Исследовательская группа по морфологии, разработавшая этот протокол, обладает обширным опытом в области сохранения биомоделей свиней. Отмечено качественное улучшение результатов консервации с точки зрения органолептических свойств тканей за счет модификации и оптимизации ранее применявшихся традиционных методик, таких как консервация 10% формалином. Сохраненные биомодели в настоящее время успешно используются в Университете Исези для морфологических исследований и преподавания сравнительной анатомии человека студентам-медикам. Модель с наибольшим сроком службы в лаборатории достигла 7 лет при комнатной температуре, не требуя новых погружений или дополнительных процессов. Опыт преподавания показал, что, несмотря на высокий уровень манипуляций со стороны студентов, биомодели сохраняют целостность анатомических структур до 4 лет после сохранения.

figure-results-6688
Рисунок 1: Отток крови и раствора консерванта через ноздри. (А) Отток перед перфузией. (Б) Отток во время перфузии. Пожалуйста, нажмите здесь, чтобы просмотреть увеличенную версию этой цифры.

figure-results-7178
Рисунок 2: Периметр грудной клетки до и после перфузии раствора консерванта. (A) Периметр грудной клетки до перфузии. (Б) Периметр грудной клетки после перфузии. Наблюдается увеличение на 4 см в грудном периметре. Пожалуйста, нажмите здесь, чтобы просмотреть увеличенную версию этой цифры.

figure-results-7800
Рисунок 3: Периметр шейки матки до и после перфузии консервирующего раствора. (А) Периметр шейки матки до перфузии. (Б) Периметр шейки матки после перфузии. Наблюдается увеличение на 1 см в шейном периметре и стирание шейных складок. Пожалуйста, нажмите здесь, чтобы просмотреть увеличенную версию этой цифры.

figure-results-8442
Рисунок 4: Белесый пятнистый узор в печени. (А) Печень до перфузии. (Б) Печень после перфузии. В перфузированной печени наблюдается беловато-пятнистый рисунок. Пожалуйста, нажмите здесь, чтобы просмотреть увеличенную версию этой цифры.

figure-results-9010
Рисунок 5: Бледность петель кишечника. (A) Тонкая кишка до перфузии. (Б) Тонкая кишка после перфузии. Наблюдается бледность петлей кишечника. Пожалуйста, нажмите здесь, чтобы просмотреть увеличенную версию этой цифры.

figure-results-9560
Рисунок 6: Биомодель, колонизированная грибком. Вентральное вытяжение нижней кава показывает грибковую колонизацию. Пожалуйста, нажмите здесь, чтобы просмотреть увеличенную версию этой цифры.

figure-results-10050
Рисунок 7: Поперечная мышца живота и ее апоневроз. (1) Поперечная мышца живота. (2) Апоневроз поперечной мышцы живота.
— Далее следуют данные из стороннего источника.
Lemma relation_absorbing A (p1 p2 p3 : qpt) (l1 l2 l3 : rat) (l : seq (rat * qpt)) :
  conv A p1 -> conv A p2 -> conv A p3 ->
  List.Forall (fun p => 0 <= p.1 /\ conv A p.2) l ->
  0 < l1 -> 0 < l2 -> 0 < l3 ->
  l1 *: p1 + l2 *: p2 + l3 *: p3 + \sum_(p <- l) p.1 *: p.2 = 0 ->
  det3 p1 p2 p3 != 0 -> forall d, exists2 t, 0 < t & conv A (t *: d).
Proof.
move=> A1 A2 A3 lA l1_gt0 l2_gt0 l3_gt0 rel det_neq0 d.
have lw_ge0 : 0 <= \sum_(p <- l) p.1.
  by rewrite big_seq sumr_ge0 // => p /((ForallP _ _).1 lA)[].
(* Adding T times the relation to the coordinates of d makes all weights nonnegative. *)
set D := det3 p1 p2 p3.
pose a1 := det3 d p2 p3 / D; pose a2 := det3 p1 d p3 / D; pose a3 := det3 p1 p2 d / D.
have dE : d = a1 *: p1 + a2 *: p2 + a3 *: p3 := cramer3_coords d det_neq0.
pose T := 1 + `|a1| / l1 + `|a2| / l2 + `|a3| / l3.
have weight_ge (k a : rat) : 0 < k -> 1 + `|a| / k <= T -> k <= a + T * k.
  move=> k_gt0 le_T; have : `|a| <= (T - 1) * k by rewrite -ler_pdivrMr //; lra.
  by have := ler_norm (- a); rewrite normrN; nra.
have [q1 q2 q3] : [/\ 0 <= `|a1| / l1, 0 <= `|a2| / l2 & 0 <= `|a3| / l3].
  by split; rewrite divr_ge0 // ltW.
have w1 : l1 <= a1 + T * l1 by apply: weight_ge => //; rewrite /T; lra.
have w2 : l2 <= a2 + T * l2 by apply: weight_ge => //; rewrite /T; lra.
have w3 : l3 <= a3 + T * l3 by apply: weight_ge => //; rewrite /T; lra.
have T_ge0 : 0 <= T by rewrite /T; lra.
set L := [:: (a1 + T * l1, p1), (a2 + T * l2, p2), (a3 + T * l3, p3)
              & [seq (T * p.1, p.2) | p <- l]].
have L_ge0 : List.Forall (fun p => 0 <= p.1 /\ conv A p.2) L.
  do 3!(apply: List.Forall_cons; first by split=> //=; lra).
  apply/List.Forall_map; apply: List.Forall_impl lA => p [w_ge0 Ap].
  by split=> //; apply: mulr_ge0.
have [|t t_gt0] := conv_pos_comb L_ge0.
  rewrite !big_cons big_map -mulr_sumr /=.
  by have := mulr_ge0 T_ge0 lw_ge0; lra.
suff -> : \sum_(p <- L) p.1 *: p.2 = d by exists t.
have relE : \sum_(p <- l) p.1 *: p.2 = - (l1 *: p1 + l2 *: p2 + l3 *: p3).
  by apply/eqP; rewrite -addr_eq0 addrC rel.
rewrite !big_cons big_map /=.
under eq_bigr do rewrite -scalerA.
rewrite -scaler_sumr relE dE.
by apply: row3P; rewrite !mxE; ring.
Qed.

Lemma interior0_of_relation A (p1 p2 p3 : qpt) (l1 l2 l3 : rat) (l : seq (rat * qpt)) :
  conv A p1 -> conv A p2 -> conv A p3 ->
  List.Forall (fun p => 0 <= p.1 /\ conv A p.2) l ->
  0 < l1 -> 0 < l2 -> 0 < l3 ->
  l1 *: p1 + l2 *: p2 + l3 *: p3 + \sum_(p <- l) p.1 *: p.2 = 0 ->
  det3 p1 p2 p3 != 0 -> interior A 0.
Proof.
move=> A1 A2 A3 lA l1_gt0 l2_gt0 l3_gt0 rel det_neq0.
have absA := relation_absorbing A1 A2 A3 lA l1_gt0 l2_gt0 l3_gt0 rel det_neq0.
have [t _] := absA 0; rewrite scaler0 => A0.
exact: interior0_absorbing A0 absA.
Qed.

(** * Minimal Fano polytopes *)

Definition in_hull (S : seq lpt) (v : lpt) : Prop := conv (polytope S) (toQ v).

Definition in_hull_except (S : seq lpt) (rho : lpt) (z : lpt) : Prop := in_hull S z /\ z != rho.

Lemma vertex_in_hull S v : vertex S v -> in_hull S v.
Proof. by case=> vS _; apply: conv_pt. Qed.

Lemma interior_trans (A B : lpt -> Prop) x :
  (forall v, A v -> conv B (toQ v)) -> interior A x -> interior B x.
Proof. by move=> AB [e [e_gt0 Ae]]; exists e; split=> // y /Ae; apply: conv_trans. Qed.

Lemma minimal_fano_vertex_essential S rho :
  minimal_fano S -> vertex S rho -> ~ interior (in_hull_except S rho) 0.
Proof.
move=> [[_ fanoS] minS] rhoS int0; apply: (minS rho rhoS); split=> // z intz.
by apply: fanoS; apply: interior_trans intz => v [].
Qed.

Lemma minimal_fano_one_sided_pos S rho (t1 t2 x y : lpt) :
  minimal_fano S -> vertex S rho ->
  in_hull_except S rho t1 -> in_hull_except S rho t2 ->
  in_hull_except S rho (third_vertex t1 t2) ->
  in_hull_except S rho x -> in_hull_except S rho y ->
  0 < det3 t1 t2 x -> det3 t1 t2 y < 0 -> False.
Proof.
move=> minS rhoS At1 At2 At3 Ax Ay Dx_gt0 Dy_lt0.
apply: (minimal_fano_vertex_essential minS rhoS).
set Dx := det3 t1 t2 x; set Dy := det3 t1 t2 y.
set k1 := det3 y t2 x; set k2 := det3 t1 y x; set T := `|k1| + `|k2| + 1.
(* -Dy x + Dx y lies in the plane of t1, t2; adding T (2 t1 + t2 + t3) = 0 makes
   every coefficient positive. *)
have rel : (2 * T - k1) *: t1 + (T - k2) *: t2 + (- Dy) *: x
           + (Dx *: y + T *: third_vertex t1 t2) = 0.
  have := cramer3 t1 t2 x y; rewrite -/Dx -/k1 -/k2 -/Dy => cr.
  rewrite addrA cr; apply: row3P; rewrite !mxE; ring.
have [k1_le k2_le] : k1 <= `|k1| /\ k2 <= `|k2| by rewrite !ler_norm.
have T_gt0 : 0 < T by rewrite /T; have := normr_ge0 k1; have := normr_ge0 k2; lia.
have pts (v : lpt) : in_hull_except S rho v -> conv (in_hull_except S rho) (toQ v).
  exact: conv_pt.
apply: (interior0_of_relation (l1 := (2 * T - k1)%:~R) (l2 := (T - k2)%:~R) (l3 := (- Dy)%:~R)
  (l := [:: (Dx%:~R, toQ y); (T%:~R, toQ (third_vertex t1 t2))])
  (pts _ At1) (pts _ At2) (pts _ Ax)).
- by do 2!(apply: List.Forall_cons; first by split; [rewrite ler0z; lia | exact: pts]).
- by rewrite ltr0z; lia.
- by rewrite ltr0z; lia.
- by rewrite ltr0z; lia.
- rewrite !big_cons big_nil /= addr0 -!toQZ -!toQD.
  by rewrite -[in X in _ = X]toQ0 -rel.
- by rewrite det3_toQ intr_eq0 gt_eqF.
Qed.

Lemma minimal_fano_one_sided S rho (t1 t2 x y : lpt) :
  minimal_fano S -> vertex S rho ->
  in_hull_except S rho t1 -> in_hull_except S rho t2 ->
  in_hull_except S rho (third_vertex t1 t2) ->
  in_hull_except S rho x -> in_hull_except S rho y ->
  det3 t1 t2 x * det3 t1 t2 y < 0 -> False.
Proof.
move=> minS rhoS At1 At2 At3 Ax Ay.
have [Dx_gt0|Dx_lt0|<-] := ltrgtP 0 (det3 t1 t2 x); last by rewrite mul0r ltxx.
  by rewrite pmulr_rlt0 //; apply: (minimal_fano_one_sided_pos minS rhoS At1 At2 At3 Ax Ay).
by rewrite nmulr_rlt0 // => /(minimal_fano_one_sided_pos minS rhoS At1 At2 At3 Ay Ax); apply.
Qed.

(** * Vertices *)

Lemma conv_split (B : lpt -> Prop) (q : lpt) x :
  conv (fun w => B w \/ w = q) x ->
  x = toQ q \/ exists2 lam : rat, 0 <= lam < 1 &
    exists2 y, conv B y & x = lam *: toQ q + (1 - lam) *: y.
Proof.
move=> /conv_hull[l [lBq [l1 ->]]]; move/ForallP: lBq => lBq.
have w_ge0 p : p \in l -> 0 <= p.1 by case/lBq.
pose isq (p : rat * qpt) := p.2 == toQ q.
set lam := \sum_(p <- l | isq p) p.1; set r := \sum_(p <- l | ~~ isq p) p.1.
set y := \sum_(p <- l | ~~ isq p) p.1 *: p.2.
have lam_r : lam + r = 1 by rewrite -l1 (bigID isq).
have xE : \sum_(p <- l) p.1 *: p.2 = lam *: toQ q + y.
  rewrite (bigID isq) /= scaler_suml; congr (_ + _).
  by apply: eq_bigr => p /eqP ->.
have lam_ge0 : 0 <= lam by rewrite /lam big_seq_cond sumr_ge0 // => p /andP[/w_ge0].
have r_ge0 : 0 <= r by rewrite /r big_seq_cond sumr_ge0 // => p /andP[/w_ge0].
have [r0|r_neq0] := eqVneq r 0.
  left; suff y0 : y = 0 by rewrite xE y0 addr0 (_ : lam = 1) ?scale1r //; lra.
  rewrite /y big_seq_cond big1 // => p /andP[lp nq].
  suff -> : p.1 = 0 by rewrite scale0r.
  move/eqP: r0; rewrite /r big_seq_cond psumr_eq0 => [/allP/(_ p lp)|].
    by rewrite lp nq => /eqP.
  by move=> i /andP[/w_ge0].
right; exists lam; first by rewrite lam_ge0 /= -lam_r ltrDl lt_def r_neq0.
exists (r^-1 *: y); last by rewrite xE scalerA -lam_r addrAC subrr add0r mulfV ?scale1r.
apply/conv_hull; exists [seq (p.1 / r, p.2) | p <- l & ~~ isq p]; split; last split.
- apply/List.Forall_map/ForallP => p; rewrite mem_filter => /andP[nq lp] /=.
  have [w_ge0' [v [Bv|vq] pv]] := lBq p lp; last by rewrite /isq pv vq eqxx in nq.
  by split; [rewrite divr_ge0 | exists v].
- by rewrite big_map big_filter -mulr_suml mulfV.
- rewrite big_map big_filter scaler_sumr; apply: eq_bigr => p _.
  by rewrite scalerA mulrC.
Qed.

Lemma vertex_of_filter_redundant S s v :
  s \in S -> conv (fun w => w \in S /\ w != s) (toQ s) ->
  vertex (filter (predC1 s) S) v -> vertex S v.
Proof.
move=> sS s_red [v_S' v_ext]; move: (v_S'); rewrite mem_filter => /andP[v_neq_s vS].
split=> // v_red; apply: v_ext.
pose B w := w \in filter (predC1 s) S /\ w != v.
have split_at (a b : lpt) : (forall w, w \in S -> w != a -> w != b -> B w) -> a != b ->
    conv (fun w => w \in S /\ w != a) (toQ a) ->
    exists2 lam : rat, 0 <= lam < 1 & exists2 y, conv B y & toQ a = lam *: toQ b + (1 - lam) *: y.
  move=> Bab ab a_red; have : conv (fun w => B w \/ w = b) (toQ a).
    apply: conv_mono a_red => w [wS wa]; have [->|wb] := eqVneq w b; first by right.
    by left; apply: Bab.
  by case/conv_split => [/toQ_inj/eqP|//]; rewrite (negbTE ab).
have Bw w : w \in S -> w != s -> w != v -> B w by move=> wS ws wv; rewrite /B mem_filter /= ws.
have Bw' w : w \in S -> w != v -> w != s -> B w by move=> wS wv ws; apply: Bw.
have [L /andP[L_ge0 L_lt1] [y By vE]] := split_at v s Bw' v_neq_s v_red.
have s_neq_v : s != v by rewrite eq_sym.
have [K /andP[K_ge0 K_lt1] [y' By' sE]] := split_at s v Bw s_neq_v s_red.
set den := 1 - L * K; have den_gt0 : 0 < den by rewrite /den; nra.
have denv : den *: toQ v = (L * (1 - K)) *: y' + (1 - L) *: y.
  rewrite /den scalerBl scale1r {1}vE sE; apply: row3P; rewrite !mxE; ring.
have -> : toQ v = (L * (1 - K) / den) *: y' + (1 - L * (1 - K) / den) *: y.
  apply: (scalerI (lt0r_neq0 den_gt0)); rewrite denv.
  by apply: row3P; rewrite !mxE /den; field; rewrite -/den lt0r_neq0.
apply: (conv2 By' By); rewrite divr_ge0 ?ler_pdivrMr ?mul1r /den /=; nra.
Qed.

Lemma conv_vertices S s : s \in S -> conv (vertex S) (toQ s).
Proof.
elim: {S}(size S) {-2}S (leqnn (size S)) s => [|n IH] S size_S s sS.
  by move: size_S; rewrite leqn0 => /nilP S0; rewrite S0 in sS.
have [s_vertex|s_red] := classic (vertex S s); first exact: conv_pt.
have {}s_red : conv (fun w => w \in S /\ w != s) (toQ s).
  by apply: NNPP => s_ext; apply: s_red.
set S' := filter (predC1 s) S.
have size_S' : (size S' <= n)%N.
  rewrite -ltnS (leq_trans _ size_S) // size_filter -[X in (_ < X)%N](count_predC (pred1 s)).
  by rewrite -addn1 addnC leq_add2r -has_count has_pred1.
apply: (conv_mono (fun v => vertex_of_filter_redundant sS s_red)).
apply: conv_trans s_red => w [wS ws]; apply: (IH S' size_S').
by rewrite mem_filter /= ws.
Qed.

Lemma equiv_to_of_vertices S (L M : seq lpt) (A : 'M[int]_3) :
  (forall rho, vertex S rho -> rho \in L) -> {subset L <= S} ->
  map (fun v : lpt => v *m A) M =i L -> equiv_to S A M.
Proof.
move=> SL LS ML x; split; last by apply: conv_mono => p; rewrite /polytope ML => /LS.
apply: conv_trans => s /conv_vertices; apply: conv_mono => v /SL.
by rewrite /polytope ML.
Qed.

(** * Lattice planes *)

Section LatticeBasis2.
Variables e1 e2 : lpt.
Hypothesis basis_e : lattice_basis2 e1 e2.

Lemma lattice_basis2_indep (p q : int) : p *: e1 + q *: e2 = 0 -> p = 0 /\ q = 0.
Proof.
move=> /(congr1 toQ); rewrite toQD !toQZ toQ0 => /basis_e.1[/eqP p0 /eqP q0].
by move: p0 q0; rewrite !intr_eq0 => /eqP -> /eqP ->.
Qed.

Lemma lattice_basis2_plane_decomp (x s : lpt) (g m : int) :
  det3 e1 e2 x = g -> g != 0 -> det3 e1 e2 s = g * m ->
  exists M M' : int, s = M *: e1 + M' *: e2 + m *: x.
Proof.
move=> det_x g_neq0 det_s; set y := s - m *: x.
have gy : g *: y = det3 s e2 x *: e1 + det3 e1 s x *: e2.
  have := cramer3 e1 e2 x s; rewrite det_x det_s /y => cr.
  rewrite scalerBr cr; apply: row3P; rewrite !mxE; ring.
have gQ : (g%:~R : rat) != 0 by rewrite intr_eq0.
have [M [M' yE]] : exists M M' : int, y = M *: e1 + M' *: e2.
  apply: basis_e.2; exists ((det3 s e2 x)%:~R / g%:~R), ((det3 e1 s x)%:~R / g%:~R).
  apply: (scalerI gQ); rewrite -toQZ gy toQD !toQZ.
  by apply: row3P; rewrite !mxE; field.
by exists M, M'; rewrite -yE /y subrK.
Qed.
Пожалуйста, нажмите здесь, чтобы просмотреть увеличенную версию этой цифры.

figure-results-10543
Рисунок 8: Теменная брюшина сохранившейся биомодели свиньи. (1) Теменная брюшина. (2) Левая доля разрезанной печени. (3) Желудок. Пожалуйста, нажмите здесь, чтобы просмотреть увеличенную версию этой цифры.

figure-results-11047
Рисунок 9: Желудок консервированной биомодели свиньи. (1) Печень. (2) Слизистая оболочка желудка. (3) Кишечник. (4) Поперечная мышца живота и теменная брюшина. Пожалуйста, нажмите здесь, чтобы просмотреть увеличенную версию этой цифры.

figure-results-11581
Рисунок 10: Печень сохранившейся биомодели свиньи. (1) Диафрагмальное лицо печени. (2) Нижний задний сегмент печени (печеночная артерия, желчный проток, нижняя задняя ветвь воротной вены). (3) Правая доля печени. (4) Круглая связка печени. Пожалуйста, нажмите здесь, чтобы просмотреть увеличенную версию этой цифры.
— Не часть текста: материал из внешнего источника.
Lemma Th_char_ell_power (e : L -> Lam0) : Th_char vL h e ->
  (forall x, U x -> e x ^+ (ell ^ m) = 1) ->
  exists i : 'I_(ell ^ m), forall x, U x -> e x = omega x ^+ i.
Proof.
move=> He e_ellm.
have co_ellm_p : coprime (ell ^ m) (p ^ h.-1).
  by rewrite coprimeXl // coprimeXr // prime_coprime // dvdn_prime2.
have e_cong1 u : U u -> vcong vL u 1 -> e u = 1.
  move=> Uu u1; apply: (expr_coprime_eq1 co_ellm_p ellm_gt0); first exact: e_ellm.
  exact: Th_char_cong1_pexp.
have [i ei] := prim_rootP prim_w (e_ellm g Ug).
exists i => x Ux; have [u [Uu u1] ->] := vunit_dlog_decomp Ux.
have Ugk : U (g ^+ dlog x) := vunitX Hv _ Ug.
rewrite (Th_charM He Ugk Uu) (Th_charM omega_Th_char Ugk Uu).
rewrite (e_cong1 u Uu u1) (omega_cong1 Uu u1) !mulr1 (Th_charX Hv He) // ei.
by rewrite (Th_charX Hv omega_Th_char) // omega_g exprAC.
Qed.

Local Notation lift := (unity_lift red N' z).
Let liftM := unity_liftM Hred ch1 ell_ndvd_exponent' prim_z.
Let liftK := unity_liftK Hred ch1 ell_ndvd_exponent' prim_z.
Let lift1 := unity_lift1 Hred ch1 ell_ndvd_exponent' prim_z.
Let lift_neq0 := unity_lift_neq0 red prim_z.
Let vring_lift := vring_unity_lift Hred prim_z.

Lemma Th_char_ell'_unity (psi : L -> Lam1) x : Th_char vL h psi -> U x ->
  psi x ^+ N' = 1.
Proof.
move=> Hpsi Ux; apply: (pchar_expr_pexp_eq1 (k := m) ch1).
by rewrite -exprM -exponent_split (Th_char_exponent Hpsi).
Qed.

Lemma lift_Th_char psi : Th_char vL h psi -> Th_char vL h (fun x => lift (psi x)).
Proof.
move=> Hpsi; split=> [x y Ux Uy | x Ux x1].
  by rewrite (Th_charM Hpsi) // liftM // Th_char_ell'_unity.
by rewrite (Th_char_cong1 Hpsi) // lift1.
Qed.

Lemma red_lift psi x : Th_char vL h psi -> U x -> red (lift (psi x)) = psi x.
Proof. by move=> Hpsi Ux; rewrite liftK // Th_char_ell'_unity. Qed.

Definition fiber_char (psi : L -> Lam1) (i : nat) x := lift (psi x) * omega x ^+ i.

Lemma fiber_char_Th_char psi i : Th_char vL h psi -> Th_char vL h (fiber_char psi i).
Proof.
by move=> Hpsi; apply: Th_char_mul (lift_Th_char Hpsi) (Th_char_expr i omega_Th_char).
Qed.

Lemma red_fiber_char psi i x : Th_char vL h psi -> U x ->
  red (fiber_char psi i x) = psi x.
Proof.
move=> Hpsi Ux; rewrite /fiber_char (redM Hred) ?vring_lift ?vringX ?vring_omega //.
by rewrite (redX Hred _ (vring_omega x)) red_omega expr1n mulr1 red_lift.
Qed.

Lemma fiber_char_inj psi (i j : 'I_(ell ^ m)) :
  fiber_char psi i g = fiber_char psi j g -> i = j.
Proof.
rewrite /fiber_char omega_g => /(mulfI (lift_neq0 _))/eqP.
by rewrite (eq_prim_root_expr prim_w) !modn_small // => /eqP/val_inj.
Qed.

Lemma fiber_char_complete psi chi : Th_char vL h psi -> Th_char vL h chi ->
  (forall x, U x -> red (chi x) = psi x) ->
  exists i : 'I_(ell ^ m), forall x, U x -> chi x = fiber_char psi i x.
Proof.
move=> Hpsi Hchi red_chi; pose e x := chi x / lift (psi x).
have He : Th_char vL h e := Th_char_div Hchi (lift_Th_char Hpsi).
have e_ellm x : U x -> e x ^+ (ell ^ m) = 1.
  move=> Ux; have eN := Th_char_exponent He Ux.
  have Oe : O0 (e x) := vring_unity_root HO N_gt0 eN.
  have red_e : red (e x) = 1.
    apply: (mulIf (Th_char_neq0 Hv Hpsi Ux)); rewrite mul1r.
    by rewrite -{2}(red_chi x Ux) -(red_lift Hpsi Ux) -(redM Hred) // divfK.
  apply: (red_unity_root_inj Hred ch1 N'_gt0 ell_ndvd_exponent').
    by rewrite -exprM mulnC -exponent_split.
  by rewrite (redX Hred) // red_e expr1n.
have [i ei] := Th_char_ell_power He e_ellm.
by exists i => x Ux; rewrite /fiber_char -ei // mulrC divfK.
Qed.

Theorem reduction_surjective (psi : L -> Lam1) : Th_char vL h psi ->
  exists2 chi : L -> Lam0, Th_char vL h chi &
    forall x, U x -> red (chi x) = psi x.
Proof.
move=> Hpsi; exists (fun x => lift (psi x)); first exact: lift_Th_char.
by move=> x; apply: red_lift.
Qed.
РеактивныйКонечная концентрацияКоличествоИтоговый объем
Этанол 96%30%7.8 л25 л
Глицерин20%5 л
Формальдегид 40%2%0,5 л
Бензалкония хлорид 50%2%1 л
Ароматическая эссенция (Кофе)0.40%0,1 л
Дистиллированная водаNA10.6 л

Таблица 1: Консервирующий раствор на основе модифицированного чилийского раствора.

РеактивныйКонечная концентрацияКоличествоИтоговый объем
Этанол 96%30%7.8 л25 л
Глицерин20%5 л
Бензалкония хлорид 50%2%1 л
Ароматическая эссенция (Кофе)0.40%0,1 л
Дистиллированная водаNA11.1 л

Таблица 2: Бесформальдегидный консервантный раствор на основе модифицированного чилийского раствора.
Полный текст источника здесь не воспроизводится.